Exercise directions: Filter these entries down to lines holding "partitions".

Saved data entries:
[Start of section]
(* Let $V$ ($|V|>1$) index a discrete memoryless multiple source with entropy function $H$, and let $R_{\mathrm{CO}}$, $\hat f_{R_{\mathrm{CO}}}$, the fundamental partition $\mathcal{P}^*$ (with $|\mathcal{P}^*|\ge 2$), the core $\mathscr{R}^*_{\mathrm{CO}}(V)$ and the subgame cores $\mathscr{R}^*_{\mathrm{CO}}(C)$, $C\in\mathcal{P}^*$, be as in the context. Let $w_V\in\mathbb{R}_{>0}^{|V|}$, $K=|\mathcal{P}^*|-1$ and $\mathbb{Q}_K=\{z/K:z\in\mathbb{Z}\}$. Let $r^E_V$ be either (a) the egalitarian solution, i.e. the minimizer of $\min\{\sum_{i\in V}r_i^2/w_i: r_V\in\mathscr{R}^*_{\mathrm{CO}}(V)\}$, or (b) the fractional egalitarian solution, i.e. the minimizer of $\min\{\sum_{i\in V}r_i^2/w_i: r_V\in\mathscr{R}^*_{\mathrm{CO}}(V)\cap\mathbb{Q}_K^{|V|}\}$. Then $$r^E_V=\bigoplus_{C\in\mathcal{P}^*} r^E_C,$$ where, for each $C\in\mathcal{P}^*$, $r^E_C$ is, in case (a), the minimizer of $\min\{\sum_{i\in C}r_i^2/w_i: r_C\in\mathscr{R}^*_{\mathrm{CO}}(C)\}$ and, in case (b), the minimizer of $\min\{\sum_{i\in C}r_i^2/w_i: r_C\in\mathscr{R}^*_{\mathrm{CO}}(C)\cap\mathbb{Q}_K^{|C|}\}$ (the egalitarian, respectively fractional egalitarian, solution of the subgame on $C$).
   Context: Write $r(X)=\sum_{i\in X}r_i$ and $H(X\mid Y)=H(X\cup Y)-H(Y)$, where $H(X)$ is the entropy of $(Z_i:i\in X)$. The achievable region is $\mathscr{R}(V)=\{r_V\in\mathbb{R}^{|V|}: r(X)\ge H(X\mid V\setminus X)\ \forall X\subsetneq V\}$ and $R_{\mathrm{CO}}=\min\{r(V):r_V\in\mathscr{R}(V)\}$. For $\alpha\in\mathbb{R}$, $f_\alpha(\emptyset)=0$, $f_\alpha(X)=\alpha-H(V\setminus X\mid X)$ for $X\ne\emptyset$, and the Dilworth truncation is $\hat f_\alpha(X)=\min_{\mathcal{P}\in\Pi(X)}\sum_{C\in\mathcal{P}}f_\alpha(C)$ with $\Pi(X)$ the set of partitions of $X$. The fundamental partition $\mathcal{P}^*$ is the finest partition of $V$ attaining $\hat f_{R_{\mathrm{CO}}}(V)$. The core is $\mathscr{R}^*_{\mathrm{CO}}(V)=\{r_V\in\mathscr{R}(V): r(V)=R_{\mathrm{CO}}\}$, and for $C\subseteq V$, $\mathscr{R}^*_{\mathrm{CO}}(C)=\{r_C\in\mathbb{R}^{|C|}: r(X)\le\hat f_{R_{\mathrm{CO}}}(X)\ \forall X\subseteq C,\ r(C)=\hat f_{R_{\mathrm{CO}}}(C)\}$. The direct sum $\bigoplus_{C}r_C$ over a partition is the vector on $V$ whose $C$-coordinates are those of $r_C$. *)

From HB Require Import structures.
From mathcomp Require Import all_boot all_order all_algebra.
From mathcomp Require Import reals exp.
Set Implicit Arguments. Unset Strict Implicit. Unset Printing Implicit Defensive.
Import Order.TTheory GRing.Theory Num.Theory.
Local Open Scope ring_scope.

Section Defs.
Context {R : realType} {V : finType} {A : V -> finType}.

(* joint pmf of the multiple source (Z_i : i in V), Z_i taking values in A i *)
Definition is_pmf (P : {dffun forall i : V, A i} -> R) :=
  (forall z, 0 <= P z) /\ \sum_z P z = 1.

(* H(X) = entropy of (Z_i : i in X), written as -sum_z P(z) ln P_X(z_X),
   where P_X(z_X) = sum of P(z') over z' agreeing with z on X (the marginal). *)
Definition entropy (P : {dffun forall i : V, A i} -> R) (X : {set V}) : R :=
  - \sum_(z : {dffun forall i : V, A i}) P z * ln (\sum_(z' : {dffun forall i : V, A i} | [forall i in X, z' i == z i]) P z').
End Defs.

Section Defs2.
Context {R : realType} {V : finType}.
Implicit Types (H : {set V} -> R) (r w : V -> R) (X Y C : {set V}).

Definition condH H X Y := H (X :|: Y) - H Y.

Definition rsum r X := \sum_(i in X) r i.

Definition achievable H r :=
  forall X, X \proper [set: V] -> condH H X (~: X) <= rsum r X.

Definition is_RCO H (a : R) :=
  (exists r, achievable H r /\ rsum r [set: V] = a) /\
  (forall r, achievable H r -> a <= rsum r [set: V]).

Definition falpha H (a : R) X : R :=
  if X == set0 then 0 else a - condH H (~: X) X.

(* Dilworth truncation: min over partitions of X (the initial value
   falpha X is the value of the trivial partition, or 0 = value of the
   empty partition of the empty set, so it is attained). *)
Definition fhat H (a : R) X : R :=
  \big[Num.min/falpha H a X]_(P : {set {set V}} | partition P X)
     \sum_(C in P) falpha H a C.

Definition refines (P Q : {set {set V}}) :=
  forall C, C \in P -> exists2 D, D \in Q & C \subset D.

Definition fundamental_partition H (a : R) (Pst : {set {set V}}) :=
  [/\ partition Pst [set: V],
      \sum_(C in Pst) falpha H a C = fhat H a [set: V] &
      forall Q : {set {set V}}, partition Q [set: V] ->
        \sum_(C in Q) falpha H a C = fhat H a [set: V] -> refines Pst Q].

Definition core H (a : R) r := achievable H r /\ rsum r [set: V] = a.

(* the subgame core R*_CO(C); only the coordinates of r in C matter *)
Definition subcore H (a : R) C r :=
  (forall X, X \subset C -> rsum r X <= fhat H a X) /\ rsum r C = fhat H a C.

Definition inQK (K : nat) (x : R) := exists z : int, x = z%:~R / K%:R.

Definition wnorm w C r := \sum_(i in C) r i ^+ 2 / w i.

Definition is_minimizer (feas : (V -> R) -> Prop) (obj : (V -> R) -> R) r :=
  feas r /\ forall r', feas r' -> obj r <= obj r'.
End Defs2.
[End of section]
Solution to the problem:
   Context: Write $r(X)=\sum_{i\in X}r_i$ and $H(X\mid Y)=H(X\cup Y)-H(Y)$, where $H(X)$ is the entropy of $(Z_i:i\in X)$. The achievable region is $\mathscr{R}(V)=\{r_V\in\mathbb{R}^{|V|}: r(X)\ge H(X\mid V\setminus X)\ \forall X\subsetneq V\}$ and $R_{\mathrm{CO}}=\min\{r(V):r_V\in\mathscr{R}(V)\}$. For $\alpha\in\mathbb{R}$, $f_\alpha(\emptyset)=0$, $f_\alpha(X)=\alpha-H(V\setminus X\mid X)$ for $X\ne\emptyset$, and the Dilworth truncation is $\hat f_\alpha(X)=\min_{\mathcal{P}\in\Pi(X)}\sum_{C\in\mathcal{P}}f_\alpha(C)$ with $\Pi(X)$ the set of partitions of $X$. The fundamental partition $\mathcal{P}^*$ is the finest partition of $V$ attaining $\hat f_{R_{\mathrm{CO}}}(V)$. The core is $\mathscr{R}^*_{\mathrm{CO}}(V)=\{r_V\in\mathscr{R}(V): r(V)=R_{\mathrm{CO}}\}$, and for $C\subseteq V$, $\mathscr{R}^*_{\mathrm{CO}}(C)=\{r_C\in\mathbb{R}^{|C|}: r(X)\le\hat f_{R_{\mathrm{CO}}}(X)\ \forall X\subseteq C,\ r(C)=\hat f_{R_{\mathrm{CO}}}(C)\}$. The direct sum $\bigoplus_{C}r_C$ over a partition is the vector on $V$ whose $C$-coordinates are those of $r_C$. *)
(* Dilworth truncation: min over partitions of X (the initial value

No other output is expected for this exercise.